### WORK ORDER
Look through the material below for "branches". Copy every line that contains it.

### SUPPLIED RECORDS
········

(* There exists a computable (2,1):1 structure $\mathcal{A}=(\omega,f)$ such that $\beta_{\mathcal{A}}$ is computable but $iso_{\mathcal{A}}$ is not computable (i.e. there is no partial computable function $\varphi$ with $\varphi(x)=iso_{\mathcal{A}}(x)$ for all $x\in\Lambda_{\mathcal{A}}$).
   Context: A (2,1):1 structure is a pair $\mathcal{A}=(A,f)$ with $A$ a countable set and $f:A\to A$ such that $|f^{-1}(a)|\in\{1,2\}$ for every $a\in A$; it is computable if $A$ is a computable set and $f$ is computable. The branching function is $\beta_{\mathcal{A}}(x)=|f^{-1}(x)|\in\{1,2\}$, and $\Lambda_{\mathcal{A}}=\{x:\beta_{\mathcal{A}}(x)=2\}$. For $x\in A$, $Tree_{\mathcal{A}}(x)$ is the directed graph with vertex set $\{a:\exists n\ge0\,(f^n(a)=x)\}$ and edges $(a,f(a))$ for $a$, $f(a)$ both in this set. The branch isomorphism function $iso_{\mathcal{A}}:\Lambda_{\mathcal{A}}\to\{0,1\}$ is defined, for $x\in\Lambda_{\mathcal{A}}$ with distinct pre-images $x_1,x_2$, by $iso_{\mathcal{A}}(x)=1$ if $Tree_{\mathcal{A}}(x_1)\cong Tree_{\mathcal{A}}(x_2)$ and $iso_{\mathcal{A}}(x)=0$ otherwise. *)

From Stdlib Require Import Arith List.
Import ListNotations.

Inductive prf : Type :=
| PZero : prf
| PSucc : prf
| PProj : nat -> prf
| PComp : prf -> list prf -> prf
| PRec  : prf -> prf -> prf
| PMu   : prf -> prf.

Inductive eval : prf -> list nat -> nat -> Prop :=
| eval_zero : forall v, eval PZero v 0
| eval_succ : forall x v, eval PSucc (x :: v) (S x)
| eval_proj : forall i v, i < length v -> eval (PProj i) v (nth i v 0)
| eval_comp : forall f gs v ys y,
    Forall2 (fun g yi => eval g v yi) gs ys ->
    eval f ys y -> eval (PComp f gs) v y
| eval_rec0 : forall g h v y, eval g v y -> eval (PRec g h) (0 :: v) y
| eval_recS : forall g h n v z y,
    eval (PRec g h) (n :: v) z -> eval h (n :: z :: v) y ->
    eval (PRec g h) (S n :: v) y
| eval_mu : forall f v n,
    eval f (n :: v) 0 ->
    (forall m, m < n -> exists k, eval f (m :: v) (S k)) ->
    eval (PMu f) v n.

Definition computable (g : nat -> nat) : Prop :=
  exists c : prf, forall x, eval c [x] (g x).

Definition preimage_card (f : nat -> nat) (x n : nat) : Prop :=
  exists l : list nat, NoDup l /\ length l = n /\ (forall a, In a l <-> f a = x).

Definition is_21_structure (f : nat -> nat) : Prop :=
  forall x, preimage_card f x 1 \/ preimage_card f x 2.

Definition in_Lambda (f : nat -> nat) (x : nat) : Prop := preimage_card f x 2.

Definition tree_vertex (f : nat -> nat) (x a : nat) : Prop :=
  exists n, Nat.iter n f a = x.

Definition tree_edge (f : nat -> nat) (x a b : nat) : Prop :=
  tree_vertex f x a /\ tree_vertex f x b /\ b = f a.

Definition tree_iso (f : nat -> nat) (x1 x2 : nat) : Prop :=
  exists g : nat -> nat,
    (forall a, tree_vertex f x1 a -> tree_vertex f x2 (g a)) /\
    (forall a b, tree_vertex f x1 a -> tree_vertex f x1 b -> g a = g b -> a = b) /\
    (forall b, tree_vertex f x2 b -> exists a, tree_vertex f x1 a /\ g a = b) /\
    (forall a b, tree_vertex f x1 a -> tree_vertex f x1 b ->
       (tree_edge f x1 a b <-> tree_edge f x2 (g a) (g b))).

Definition iso_value (f : nat -> nat) (x v : nat) : Prop :=
  exists x1 x2, x1 <> x2 /\ f x1 = x /\ f x2 = x /\
    ((tree_iso f x1 x2 /\ v = 1) \/ (~ tree_iso f x1 x2 /\ v = 0)).

From Stdlib Require Import Arith List Lia Bool.
Import ListNotations.

(** Diagonalisation against all programs.  For every code [e] the node [xN e]
    has two preimages, the roots of infinite chains [aN e _] and [bN e _].
    A natural number [n] may code a finite derivation showing that program [e]
    outputs 1 on input [xN e]; if it does, an infinite chain [cN e n _] is hung
    below [aN e n], which makes the two branches at [xN e] non-isomorphic;
    otherwise the bottom of that chain is a loop and stays detached.  Checking
    such a derivation is primitive recursive, so [f] and the branching function
    are given by mu-free programs, while program [e] answers wrongly at [xN e]:
    it outputs 1 exactly when the branches are not isomorphic. *)

Section PrfInd.
Variable P : prf -> Prop.
Hypothesis P_zero : P PZero.
Hypothesis P_succ : P PSucc.
Hypothesis P_proj : forall i, P (PProj i).
Hypothesis P_comp : forall f gs, P f -> Forall P gs -> P (PComp f gs).
Hypothesis P_rec : forall g h, P g -> P h -> P (PRec g h).
Hypothesis P_mu : forall f, P f -> P (PMu f).

Fixpoint prf_ind_nested (c : prf) : P c :=
  match c with
  | PZero => P_zero
  | PSucc => P_succ
  | PProj i => P_proj i
  | PComp f gs => P_comp f gs (prf_ind_nested f)
      ((fix F (l : list prf) : Forall P l :=
          match l with
          | [] => Forall_nil _
          | g :: l' => Forall_cons _ (prf_ind_nested g) (F l')
          end) gs)
  | PRec g h => P_rec g h (prf_ind_nested g) (prf_ind_nested h)
  | PMu f => P_mu f (prf_ind_nested f)
  end.
End PrfInd.

Section EvalInd.
Variable P : prf -> list nat -> nat -> Prop.
Hypothesis P_zero : forall v, P PZero v 0.
Hypothesis P_succ : forall x v, P PSucc (x :: v) (S x).
Hypothesis P_proj : forall i v, i < length v -> P (PProj i) v (nth i v 0).
Hypothesis P_comp : forall f gs v ys y,
    Forall2 (fun g yi => eval g v yi /\ P g v yi) gs ys ->
    eval f ys y -> P f ys y -> P (PComp f gs) v y.
Hypothesis P_rec0 : forall g h v y, eval g v y -> P g v y -> P (PRec g h) (0 :: v) y.
Hypothesis P_recS : forall g h n v z y,
    eval (PRec g h) (n :: v) z -> P (PRec g h) (n :: v) z ->
    eval h (n :: z :: v) y -> P h (n :: z :: v) y ->
    P (PRec g h) (S n :: v) y.
Hypothesis P_mu : forall f v n,
    eval f (n :: v) 0 -> P f (n :: v) 0 ->
    (forall m, m < n -> exists k, eval f (m :: v) (S k) /\ P f (m :: v) (S k)) ->
    P (PMu f) v n.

········

### REPLY TO THE TASK
    below [aN e n], which makes the two branches at [xN e] non-isomorphic;
    it outputs 1 exactly when the branches are not isomorphic. *)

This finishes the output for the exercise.